At Wesleyan University in Connecticut, the student newspaper Wesleyan Argus launched a program to provide stipends to low-income journalists of color whose financial needs would otherwise deter them from taking a position on the paper. Through a social media campaign, the paper funded two $660 stipends per semester, and the team also created a forum on reporting basics that students could participate in for class credit. Serena Chow, recent graduate and former editor-in-chief of the Argus, said that “when we compensate people fairly, when we take into account the barriers for people, our coverage becomes better, we become better as a newsroom and so does the news judgement that we’re all sharpening.”


How will journalists cover Afghanistan now? (The Washington Post)

As American news organizations pull out of Afghanistan, they have been forced to find alternatives to reporting on the country from inside its borders. After leaving Afghanistan last week, journalists for The Associated Press, Washington Post and other news outlets have continued their reporting from nearby countries. Without eyes on the ground, news organizations are turning to information from locals and social media for updates.


For publishers, the rewards of political books often outweigh the risks (The New York Times)
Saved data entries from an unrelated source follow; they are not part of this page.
Lemma s_earlier nu x y a (aA : a \in A) :
  x \notin [:: 101; 104] -> y \notin [:: 101; 104] ->
  nu 103 = inl a -> nu x = inl b -> nu y = inl b' ->
  (sat nu nu2 (earlierf x y) <-> forall q j, q < rA a -> j < s ->
     bx (s * q.+1 + j) = by_ (s * q.+1 + j)).
Proof.
move=> /notin2[x1 x4] /notin2[y1 y4] ha hx hy.
change (sat nu nu2 (earlierf x y)) with (forall z, sat (upd nu 104 z) nu2
  (MImp (isAf 104) (MImp (ltAf 104 103) (bigAnd [seq agreeEf 104 x y j | j <- iota 0 s])))).
have s_block c (cA : c \in A) : sat (upd nu 104 (inl c)) nu2 (MImp (isAf 104)
    (MImp (ltAf 104 103) (bigAnd [seq agreeEf 104 x y j | j <- iota 0 s]))) <->
    (rA c < rA a -> forall j, j < s -> bx (s * (rA c).+1 + j) = by_ (s * (rA c).+1 + j)).
  rewrite !sat_imp s_isA updE sort_A // (s_ltA cA aA) ?updE ?updN //.
  rewrite (s_agreeE cA bA b'A) ?updE ?updN //.
  by split=> H; [apply: H|move=> _; apply: H].
split=> H => [q j qa js|[c|E]]; last by rewrite sat_imp s_isA updE.
  have [c cA rc] := rA_onto (ltn_trans qa (rA_lt aA)).
  by rewrite -rc; apply: (proj1 (s_block c cA) (H (inl c))); rewrite ?rc.
have [cA|cA] := boolP (c \in A); last by rewrite sat_imp s_isA updE sort_B.
by apply/(s_block c cA) => ca j js; apply: H.
Qed.

Lemma s_diffE_at nu x y a (aA : a \in A) j :
  x \notin [:: 101; 103; 104] -> y \notin [:: 101; 103; 104] -> j < s ->
  nu 103 = inl a -> nu x = inl b -> nu y = inl b' ->
  (sat nu nu2 (diffE_at x y j) <-> diff_at bx by_ (s * (rA a).+1 + j)).
Proof.
move=> fx fy js ha hx hy; have [x1 x3 x4] := notin3 fx; have [y1 y3 y4] := notin3 fy.
rewrite /diff_at (@block_below s (rA a) j (fun i => bx i = by_ i) js).
rewrite -(@s_bitE nu 103 x a b j aA bA isT x1 js ha hx).
rewrite -(@s_bitE nu 103 y a b' j aA b'A isT y1 js ha hy).
have fx' : x \notin [:: 101; 104] by rewrite mem_seq2 negb_or x1 x4.
have fy' : y \notin [:: 101; 104] by rewrite mem_seq2 negb_or y1 y4.
rewrite -(s_agreeB bA b'A (leqnn s) hx hy) -(s_earlier aA fx' fy' ha hx hy).
by rewrite -(@s_agreeE nu 103 x y a b b' j aA bA b'A isT x1 y1 (ltnW js) ha hx hy).
Qed.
As journalists contend with how to serve audiences with vastly different views, the publishing industry demonstrates how polarization can affect book sales. Political books tend to gain popularity if they’re targeting readers who oppose the current party in the White House. During Trump’s term in office, multiple White House exposés hit the shelf, and sales for political books were the highest they’d been in 20 years. Although political book sales have slowed this year, books by conservative authors are beginning to gain steam, and publishers have signed deals with Trump administration figures like Jared Kushner and William Barr.


Closer relationships between journalists and academics could bring about a more data-savvy news industry (

University of Oregon professors Damian Radcliffe and Seth Lewis argue that academia and journalism could both benefit from deeper collaboration. In London, Kingston University students filed and analyzed the results of about 100 public records requests that exposed conflicts of interest in local government. Radcliffe and Lewis write that students may have more time than journalists to take on such expansive data projects, and news organizations could expand on collaborations with universities by allowing data projects to be observed by ethnographers whose work could lead to academic and industry reports. The professors also say that academics could make their work more accessible to journalists or share insights from their research in other places, like the news site The Conversation.


Why a small group of clinical psychologists is helping journalists with trauma (Poynter)

Journalists often witness human suffering and can be targets of violence or harassment themselves, leading to trauma, which the American Psychological Association describes as an emotional response to a terrible event, like an accident or natural disaster. Earlier this year, the Dart Center for Journalism and Trauma created a program that trains therapists to help journalists work through on-the-job trauma. The program has provided ongoing training to 22 trauma psychologists, who are paid to offer free sessions to journalists for six months.